Там, у самого начала, стояла не парадно белая мраморная, а скорее, гипсовая арка – как бы часть какого-то виадука. Там, под этими известняковыми сводами, ютились лавочки – скорее, просто продажа чего-то: кваса, пряников, может быть, дешевых ракет.
Прощай, дорога на Ланжерон, прощай!
Сначала папа, двоюродный брат Толя и еще какой-то господин играли у Робина на бильярде и пили пиво. Мне было ужасно приятно смотреть, как они пьют пиво. Мне вовсе не хотелось самому выпить – наоборот, пиво всегда говорило мне о касторке, – но видя, как они топят в стаканах усы, потом вздрагивавшие под тяжестью пены, я завидовал им – мне скорее хотелось стать взрослым.
Неся продолговатую картонную коробку, группа быстро шла по гравию. По тому, как они размахивали руками, как быстро переставляли ноги, как говорили разными голосами, чувствовалось, что совесть у них нечиста, что это – жулики.
Впереди ждал их деревянный непокрытый стол, окруженный толпой детей, среди которых стоял и я.
Они подошли к столу, один сел на табуретку и вынул из кармана книжечку с отрывными по пунктиру листками.

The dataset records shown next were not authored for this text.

(* Let $A=\{(\alpha,\beta)\in\mathbb R^2:(\beta-1)^2+4\alpha\beta\ge0,\ \beta<0,\ \alpha\le2\}$ and $\widetilde A=\{(\alpha,\beta)\in\mathbb R^2:\beta>0,\ \alpha\ge1\}$. If $(\alpha,\beta)\in A$, then for every $n\ge1$ the polynomial $P_n^{(\alpha,\beta)}$ has only real zeros. If $(\alpha,\beta)\in\widetilde A$, then for every integer $n$ with $1\le n\le\lceil\alpha\rceil$ the polynomial $P_n^{(\alpha,\beta)}$ has only real zeros, where $\lceil\alpha\rceil$ is the smallest integer $\ge\alpha$.
   Context: For real $\alpha,\beta$ with $\beta\neq0$, the polynomials $P_n^{(\alpha,\beta)}(x)$, $n\ge0$, are defined by $\sum_{n\ge0}P_n^{(\alpha,\beta)}(x)\frac{t^n}{n!}=(1-t)^{\alpha}\exp\big(x((1-t)^{\beta}-1)\big)$ (formal power series in $t$). A polynomial ''has only real zeros'' if all its complex zeros are real. *)

From Stdlib Require Import Reals Arith ZArith.
Open Scope R_scope.

Definition fps := nat -> R.

Definition fps_mul (a b : fps) : fps :=
  fun n => sum_f_R0 (fun m => a m * b (n - m)%nat) n.

Definition fps_one : fps := fun n => match n with O => 1 | _ => 0 end.

Fixpoint fps_pow (a : fps) (k : nat) : fps :=
  match k with O => fps_one | S k' => fps_mul a (fps_pow a k') end.

Fixpoint falling (g : R) (n : nat) : R :=
  match n with O => 1 | S n' => falling g n' * (g - INR n') end.
Definition gbinom (g : R) (n : nat) : R := falling g n / INR (fact n).

Definition one_minus_t_pow (g : R) : fps := fun n => (-1) ^ n * gbinom g n.

(* u(t) = (1 - t)^beta - 1, a series with zero constant term *)
Definition u_ser (beta : R) : fps :=
  fun n => match n with O => 0 | _ => one_minus_t_pow beta n end.

(* Coefficient of x^k t^n in exp(x u(t)) = sum_k x^k u(t)^k / k! *)
Definition exp_coef (beta : R) (k n : nat) : R := fps_pow (u_ser beta) k n / INR (fact k).

(* Coefficient of x^k t^n in (1-t)^alpha * exp(x ((1-t)^beta - 1)) *)
Definition gen_coef (alpha beta : R) (k n : nat) : R :=
  fps_mul (one_minus_t_pow alpha) (exp_coef beta k) n.

(* Coefficient of x^k in P_n^{(alpha,beta)}(x) = n! [t^n] of the generating function *)
Definition P_coef (alpha beta : R) (n k : nat) : R :=
  INR (fact n) * gen_coef alpha beta k n.

Definition C := (R * R)%type.
Definition Cadd (z w : C) : C := (fst z + fst w, snd z + snd w).
Definition Cmul (z w : C) : C :=
  (fst z * fst w - snd z * snd w, fst z * snd w + snd z * fst w).
Definition Cofr (r : R) : C := (r, 0).
Definition C0 : C := (0, 0).
Fixpoint Cpow (z : C) (k : nat) : C :=
  match k with O => (1, 0) | S k' => Cmul z (Cpow z k') end.

Fixpoint Cpoly_eval (c : nat -> R) (d : nat) (z : C) : C :=
  match d with
  | O => Cmul (Cofr (c O)) (Cpow z O)
  | S d' => Cadd (Cpoly_eval c d' z) (Cmul (Cofr (c d)) (Cpow z d))
  end.

(* P_n^{(alpha,beta)} evaluated at z : C.  Its x^k-coefficient vanishes for k > n
   (u(t)^k has t-order >= k), so summing over k <= n gives the whole polynomial. *)
Definition P_eval (alpha beta : R) (n : nat) (z : C) : C :=
  Cpoly_eval (P_coef alpha beta n) n z.

Definition P_only_real_zeros (alpha beta : R) (n : nat) : Prop :=
  forall z : C, P_eval alpha beta n z = C0 -> snd z = 0.

Definition Rceil (x : R) : Z := (- Int_part (- x))%Z.

(* Applying the derivation (1 - t) d/dt to the generating function gives the recurrence
     P_{n+1} = -b (x P_n' + (x + (a - n)/b) P_n).
   If p has only real zeros and c >= 0, so has x p' + (x + c) p: at a non-real zero z,
   multiplying z p'(z) + (z + c) p(z) = 0 by conj (z p(z)) and taking imaginary parts gives
   Im z * (|z|^2 |p(z)|^2 sum_r 1/|z - r|^2 + c |p(z)|^2) = 0, which is impossible.
   The coefficient c = (a - n)/b is nonnegative for n < a when b > 0, which propagates
   real-rootedness from P_0 = 1; and for n >= 2 when b < 0 and a <= 2, which propagates it from
   P_2, whose discriminant is b^2 ((b - 1)^2 + 4 a b). *)

From Pilot Require Import Defs.
From Stdlib Require Import Reals Lra Lia Factorial.
Open Scope R_scope.

Lemma fps_mul_eq_l f f' g n : (forall m, f m = f' m) -> fps_mul f g n = fps_mul f' g n.
Proof. intros Hf; unfold fps_mul; apply sum_eq; intros; now rewrite Hf. Qed.

Lemma fps_mul_eq_r f g g' n : (forall m, g m = g' m) -> fps_mul f g n = fps_mul f g' n.
Proof. intros Hg; unfold fps_mul; apply sum_eq; intros; now rewrite Hg. Qed.

Lemma fps_mulDl f g h n :
  fps_mul (fun m => f m + g m) h n = fps_mul f h n + fps_mul g h n.
Proof. unfold fps_mul; rewrite <- plus_sum; apply sum_eq; intros; ring. Qed.

Lemma fps_mulDr f g h n :
  fps_mul h (fun m => f m + g m) n = fps_mul h f n + fps_mul h g n.
Proof. unfold fps_mul; rewrite <- plus_sum; apply sum_eq; intros; ring. Qed.

Lemma fps_mulZl c f h n : fps_mul (fun m => c * f m) h n = c * fps_mul f h n.
Proof. unfold fps_mul; rewrite scal_sum; apply sum_eq; intros; ring. Qed.

Lemma fps_mulZr c f h n : fps_mul h (fun m => c * f m) n = c * fps_mul h f n.
Proof. unfold fps_mul; rewrite scal_sum; apply sum_eq; intros; ring. Qed.

Lemma fps_mul1l f n : fps_mul fps_one f n = f n.
Proof.
  unfold fps_mul; destruct n as [|n]; [simpl; ring|].
  rewrite decomp_sum by lia; simpl.
  rewrite (sum_eq _ (fun _ => 0)), sum_cte by (intros; ring); ring.
Qed.

Definition fps_euler (f : fps) : fps := fun n => INR n * f n.
Definition fps_deriv (f : fps) : fps := fun n => INR (S n) * f (S n).

(* The derivation (1 - t) d/dt; the binomial series (1 - t)^g are its eigenvectors. *)
Definition fps_omt_deriv (f : fps) : fps := fun n => fps_deriv f n - fps_euler f n.

Lemma fps_euler_mul f g n :
  fps_euler (fps_mul f g) n = fps_mul (fps_euler f) g n + fps_mul f (fps_euler g) n.
Proof.
  unfold fps_euler, fps_mul; rewrite scal_sum, <- plus_sum.
  apply sum_eq; intros i Hi; rewrite minus_INR by lia; ring.
Qed.

Lemma fps_mul_euler_l_S f g n :
  fps_mul (fps_euler f) g (S n) = fps_mul (fps_deriv f) g n.
Proof.
  unfold fps_mul, fps_euler, fps_deriv; rewrite decomp_sum by lia; simpl pred.
  rewrite Rmult_0_l, Rmult_0_l, Rplus_0_l; apply sum_eq; reflexivity.
Qed.

Lemma fps_mul_euler_r_S f g n :
  fps_mul f (fps_euler g) (S n) = fps_mul f (fps_deriv g) n.
Proof.
  unfold fps_mul, fps_euler, fps_deriv; rewrite tech5, Nat.sub_diag.
  rewrite Rmult_0_l, Rmult_0_r, Rplus_0_r; apply sum_eq; intros i Hi.
  now replace (S n - i)%nat with (S (n - i)) by lia.
Qed.

Lemma fps_deriv_mul f g n :
  fps_deriv (fps_mul f g) n = fps_mul (fps_deriv f) g n + fps_mul f (fps_deriv g) n.
Proof.
  rewrite <- fps_mul_euler_l_S, <- fps_mul_euler_r_S, <- fps_euler_mul; reflexivity.
Qed.

Lemma fps_omt_deriv_mul f g n :
  fps_omt_deriv (fps_mul f g) n = fps_mul (fps_omt_deriv f) g n + fps_mul f (fps_omt_deriv g) n.
Proof.
  unfold fps_omt_deriv; rewrite fps_deriv_mul, fps_euler_mul.
  unfold fps_mul; rewrite <- !plus_sum, <- minus_sum.
  apply sum_eq; intros; ring.
Qed.

Lemma fps_omt_deriv_binom g n : fps_omt_deriv (one_minus_t_pow g) n = - g * one_minus_t_pow g n.
Proof.
  unfold fps_omt_deriv, fps_deriv, fps_euler, one_minus_t_pow, gbinom; simpl falling.
  rewrite fact_simpl, mult_INR; simpl pow.
  assert (INR (fact n) <> 0) by apply INR_fact_neq_0.
  assert (INR (S n) <> 0) by (apply not_0_INR; lia).
  field; auto.
Qed.

Lemma fps_omt_deriv_u b n : fps_omt_deriv (u_ser b) n = - b * (u_ser b n + fps_one n).
Proof.
  pose proof (fps_omt_deriv_binom b n) as H; unfold fps_omt_deriv, fps_deriv, fps_euler in *.
  destruct n as [|n]; [|simpl fps_one; unfold u_ser; rewrite H; ring].
  unfold u_ser, one_minus_t_pow, gbinom; simpl; field.
Qed.

Lemma fps_omt_deriv_u_pow b k n :
  fps_omt_deriv (fps_pow (u_ser b) k) n =
  - b * INR k * (fps_pow (u_ser b) k n + fps_pow (u_ser b) (pred k) n).
Proof.
  revert n; induction k as [|k IH]; intro n.
  - unfold fps_omt_deriv, fps_deriv, fps_euler; destruct n; simpl; ring.
  - simpl fps_pow; rewrite fps_omt_deriv_mul.
    rewrite (fps_mul_eq_l _ (fun m => - b * (u_ser b m + fps_one m)))
      by (intro; apply fps_omt_deriv_u).
    rewrite (fps_mul_eq_r (u_ser b) _
               (fun m => - b * INR k * (fps_pow (u_ser b) k m + fps_pow (u_ser b) (pred k) m)))
      by (intro; apply IH).
    rewrite fps_mulZl, fps_mulDl, fps_mul1l, fps_mulZr, fps_mulDr.
    change (fps_mul (u_ser b) (fps_pow (u_ser b) k) n) with (fps_pow (u_ser b) (S k) n).
    destruct k as [|k]; simpl pred; [simpl; ring|].
    change (fps_mul (u_ser b) (fps_pow (u_ser b) k) n) with (fps_pow (u_ser b) (S k) n).
    rewrite (S_INR (S k)); ring.
Qed.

Другие занялись коробкой. Через несколько мгновений мы увидели куклу, которая, чуть выйдя из раскрытой и поставленной торчком коробки, так и остановилась в позе шагнувшей. Солнце ярко освещало ее. Это была обыкновенная кукла, правда, из дорогих, все же обыкновенная кукла с широко раскрытыми голубыми глазами, с несколько разведенными руками, с льняными локонами. Ее сочленения, слышали мы, повизгивают, ресницы ее лежали бархатными черточками, платье, как кажется мне, из тюля просвечивало на ее розовом теле.
Не знаю, как смотрели на куклу девочки, по всей вероятности с восхищением, мальчикам она, конечно, была противна, но выиграть ее хотели тем не менее и мальчики: ее можно было и продать, и выменять, это было дорогостоящее имущество.
Итак, кукла разыгрывалась. Я никогда не забуду, как поднялся один из жуликов с сине-красным карандашом в руках и объявил условия лотереи. Они заключались в том, что нужно было угадать, как зовут куклу. Кто угадает, тот выиграл, но за право назвать какое-то имя полагалось уплатить пять копеек.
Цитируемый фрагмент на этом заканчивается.